**What the exercise asks**:
Could you output each line of the data that follows exactly?

**Records to use**:
Inductive gstep : seq letter -> seq letter -> Prop :=
(* the word is cyclic: choice of base point *)
| gs_rot n w : gstep w (rot n w)
| gs_relab (f : nat -> nat) w : injective f -> gstep w (map (relab f) w)
(* classical Reidemeister II: two new crossings p, q of opposite signs, one
   arc passing over twice, another arc passing under twice (either order) *)
| gs_R2 u v x (p q : nat) (s o : bool) :
    p != q -> p \notin map lab (u ++ v ++ x) -> q \notin map lab (u ++ v ++ x) ->
    gstep (u ++ v ++ x)
      (u ++ [:: (p, true, s); (q, true, ~~ s)] ++ v ++
         (if o then [:: (p, false, s); (q, false, ~~ s)]
               else [:: (q, false, ~~ s); (p, false, s)]) ++ x)
| gs_R3 u v y z s1 s2 s3 : r3_triple s1 s2 s3 ->
    gstep (u ++ pair2 s1 ++ v ++ pair2 s2 ++ y ++ pair2 s3 ++ z)
          (u ++ swap2 s1 ++ v ++ swap2 s2 ++ y ++ swap2 s3 ++ z).

Definition r23_equiv : seq letter -> seq letter -> Prop := clos_refl_sym_trans _ gstep.

From mathcomp Require Import all_boot all_order all_algebra zify.
Set Implicit Arguments. Unset Strict Implicit. Unset Printing Implicit Defensive.
Import GRing.Theory Num.Theory.

(* Smoothing crossing c splits the Gauss word into the two arcs between the
   passages of c, and another crossing is inter-component iff exactly one of
   its passages lies strictly between those of c.  Hence L(K_c) has the
   parity of the number of letters strictly between the two passages of c,
   so \bar L(K_c) only records whether these passages sit at positions of
   equal parity.  Changing the base point shifts every position by the same
   amount; an R2 move inserts two blocks of even length, and the two new
   crossings have opposite signs and equal exponents; an R3 move transposes
   three adjacent pairs of letters, which flips the position parity of
   exactly the passages of the triangle, and each crossing has either both
   or none of its passages there. *)

Definition dual (l : letter) : letter := (lab l, ~~ ovr l, pos l).

Lemma dualK : involutive dual.
Proof. by case=> [[n o] s]; rewrite /dual /= negbK. Qed.

Lemma dual_inj : injective dual.
Proof. exact: inv_inj dualK. Qed.

Lemma letter_eq (x y : letter) :
  lab x = lab y -> ovr x = ovr y -> pos x = pos y -> x = y.
Proof. by case: x y => [[? ?] ?] [[? ?] ?]; rewrite /lab /ovr /pos /= => -> -> ->. Qed.

Lemma lab_dual l : lab (dual l) = lab l. Proof. by []. Qed.
Lemma ovr_dual l : ovr (dual l) = ~~ ovr l. Proof. by []. Qed.

Lemma gauss_wfP w :
  gauss_wf w <->
  [/\ uniq w, {in w, forall l, dual l \in w}
    & {in w &, forall x y, lab x = lab y -> ovr x = ovr y -> x = y}].
Proof.
split=> [wf | [uw dw iw] _ /mapP[l lw ->]].
  have level l b : l \in w -> count (fun y => (lab y == lab l) && (ovr y == b)) w = 1%N.
    move=> lw; have [|co [cu _]] := wf (lab l); first exact: map_f.
    by case: b; [rewrite -co | rewrite -cu]; apply: eq_count => y; rewrite ?eqb_id ?eqbF_neg.
  have iw : {in w &, forall x y, lab x = lab y -> ovr x = ovr y -> x = y}.
    move=> x y xw yw exy oxy; have [|_ [_ sgn]] := wf (lab x); first exact: map_f.
    by apply: letter_eq => //; apply: sgn.
  split=> // [|l lw].
    apply: count_mem_uniq => x; case xw: (x \in w); last exact/count_memPn/negbT.
    change (count_mem x w = 1%N); apply/anti_leq.
    rewrite -has_count has_pred1 xw andbT -(level x (ovr x) xw).
    by apply: sub_count => y /eqP ->; rewrite !eqxx.
  have /hasP[y yw /andP[/eqP ey /eqP oy]] :
      has (fun y => (lab y == lab l) && (ovr y == ~~ ovr l)) w by rewrite has_count level.
  have [|_ [_ sgn]] := wf (lab l); first exact: map_f.
  suff -> : dual l = y by [].
  by apply: letter_eq; rewrite ?ey ?oy //=; apply: sgn.
have level b : count (fun y => (lab y == lab l) && (ovr y == b)) w = 1%N.
  have [x xw [ex ox]] : exists2 x : letter, x \in w & lab x = lab l /\ ovr x = b.
    have [<- | nb] := eqVneq (ovr l) b; first by exists l.
    exists (dual l); first exact: dw.
    by rewrite ovr_dual; split=> //; move: nb; case: (ovr l); case: b.
  have /= <- : count_mem x w = true by rewrite (count_uniq_mem x uw) xw.
  apply: eq_in_count => y yw /=; apply/andP/eqP => [[/eqP eyl /eqP oyb] | ->].
    by apply: iw; rewrite ?ex ?ox.
  by rewrite ex ox.
split; [rewrite -(level true) | split; [rewrite -(level false) |]].
- by apply: eq_count => y; rewrite eqb_id.
- by apply: eq_count => y; rewrite eqbF_neg.
move=> x y xw yw ex ey; case: (eqVneq (ovr x) (ovr y)) => [oxy | nxy].
  by rewrite (iw x y) // ex ey.
rewrite (iw y (dual x)) ?dw //; first by rewrite lab_dual ex ey.
by move: nxy; rewrite ovr_dual; case: (ovr x); case: (ovr y).
Qed.

Lemma find_unique_index (T : eqType) (s : seq T) (P : pred T) x :
  x \in s -> P x -> {in s, forall y, P y -> y = x} -> find P s = index x s.
Proof.
move=> xs Px uP; apply: eq_in_find => y ys /=.
by apply/idP/eqP => [/(uP y ys) | ->].
Qed.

**Solution below**:
Inductive gstep : seq letter -> seq letter -> Prop :=
(* the word is cyclic: choice of base point *)
| gs_rot n w : gstep w (rot n w)
| gs_relab (f : nat -> nat) w : injective f -> gstep w (map (relab f) w)
(* classical Reidemeister II: two new crossings p, q of opposite signs, one
   arc passing over twice, another arc passing under twice (either order) *)
| gs_R2 u v x (p q : nat) (s o : bool) :
    p != q -> p \notin map lab (u ++ v ++ x) -> q \notin map lab (u ++ v ++ x) ->
    gstep (u ++ v ++ x)
      (u ++ [:: (p, true, s); (q, true, ~~ s)] ++ v ++
         (if o then [:: (p, false, s); (q, false, ~~ s)]
               else [:: (q, false, ~~ s); (p, false, s)]) ++ x)
| gs_R3 u v y z s1 s2 s3 : r3_triple s1 s2 s3 ->
    gstep (u ++ pair2 s1 ++ v ++ pair2 s2 ++ y ++ pair2 s3 ++ z)
          (u ++ swap2 s1 ++ v ++ swap2 s2 ++ y ++ swap2 s3 ++ z).

Definition r23_equiv : seq letter -> seq letter -> Prop := clos_refl_sym_trans _ gstep.

From mathcomp Require Import all_boot all_order all_algebra zify.
Set Implicit Arguments. Unset Strict Implicit. Unset Printing Implicit Defensive.
Import GRing.Theory Num.Theory.

(* Smoothing crossing c splits the Gauss word into the two arcs between the
   passages of c, and another crossing is inter-component iff exactly one of
   its passages lies strictly between those of c.  Hence L(K_c) has the
   parity of the number of letters strictly between the two passages of c,
   so \bar L(K_c) only records whether these passages sit at positions of
   equal parity.  Changing the base point shifts every position by the same
   amount; an R2 move inserts two blocks of even length, and the two new
   crossings have opposite signs and equal exponents; an R3 move transposes
   three adjacent pairs of letters, which flips the position parity of
   exactly the passages of the triangle, and each crossing has either both
   or none of its passages there. *)

Definition dual (l : letter) : letter := (lab l, ~~ ovr l, pos l).

Lemma dualK : involutive dual.
Proof. by case=> [[n o] s]; rewrite /dual /= negbK. Qed.

Lemma dual_inj : injective dual.
Proof. exact: inv_inj dualK. Qed.

Lemma letter_eq (x y : letter) :
  lab x = lab y -> ovr x = ovr y -> pos x = pos y -> x = y.
Proof. by case: x y => [[? ?] ?] [[? ?] ?]; rewrite /lab /ovr /pos /= => -> -> ->. Qed.

Lemma lab_dual l : lab (dual l) = lab l. Proof. by []. Qed.
Lemma ovr_dual l : ovr (dual l) = ~~ ovr l. Proof. by []. Qed.

Lemma gauss_wfP w :
  gauss_wf w <->
  [/\ uniq w, {in w, forall l, dual l \in w}
    & {in w &, forall x y, lab x = lab y -> ovr x = ovr y -> x = y}].
Proof.
split=> [wf | [uw dw iw] _ /mapP[l lw ->]].
  have level l b : l \in w -> count (fun y => (lab y == lab l) && (ovr y == b)) w = 1%N.
    move=> lw; have [|co [cu _]] := wf (lab l); first exact: map_f.
    by case: b; [rewrite -co | rewrite -cu]; apply: eq_count => y; rewrite ?eqb_id ?eqbF_neg.
  have iw : {in w &, forall x y, lab x = lab y -> ovr x = ovr y -> x = y}.
    move=> x y xw yw exy oxy; have [|_ [_ sgn]] := wf (lab x); first exact: map_f.
    by apply: letter_eq => //; apply: sgn.
  split=> // [|l lw].
    apply: count_mem_uniq => x; case xw: (x \in w); last exact/count_memPn/negbT.
    change (count_mem x w = 1%N); apply/anti_leq.
    rewrite -has_count has_pred1 xw andbT -(level x (ovr x) xw).
    by apply: sub_count => y /eqP ->; rewrite !eqxx.
  have /hasP[y yw /andP[/eqP ey /eqP oy]] :
      has (fun y => (lab y == lab l) && (ovr y == ~~ ovr l)) w by rewrite has_count level.
  have [|_ [_ sgn]] := wf (lab l); first exact: map_f.
  suff -> : dual l = y by [].
  by apply: letter_eq; rewrite ?ey ?oy //=; apply: sgn.
have level b : count (fun y => (lab y == lab l) && (ovr y == b)) w = 1%N.
  have [x xw [ex ox]] : exists2 x : letter, x \in w & lab x = lab l /\ ovr x = b.
    have [<- | nb] := eqVneq (ovr l) b; first by exists l.
    exists (dual l); first exact: dw.
    by rewrite ovr_dual; split=> //; move: nb; case: (ovr l); case: b.
  have /= <- : count_mem x w = true by rewrite (count_uniq_mem x uw) xw.
  apply: eq_in_count => y yw /=; apply/andP/eqP => [[/eqP eyl /eqP oyb] | ->].
    by apply: iw; rewrite ?ex ?ox.
  by rewrite ex ox.
split; [rewrite -(level true) | split; [rewrite -(level false) |]].
- by apply: eq_count => y; rewrite eqb_id.
- by apply: eq_count => y; rewrite eqbF_neg.
move=> x y xw yw ex ey; case: (eqVneq (ovr x) (ovr y)) => [oxy | nxy].
  by rewrite (iw x y) // ex ey.
rewrite (iw y (dual x)) ?dw //; first by rewrite lab_dual ex ey.
by move: nxy; rewrite ovr_dual; case: (ovr x); case: (ovr y).
Qed.

Lemma find_unique_index (T : eqType) (s : seq T) (P : pred T) x :
  x \in s -> P x -> {in s, forall y, P y -> y = x} -> find P s = index x s.
Proof.
move=> xs Px uP; apply: eq_in_find => y ys /=.
by apply/idP/eqP => [/(uP y ys) | ->].
Qed.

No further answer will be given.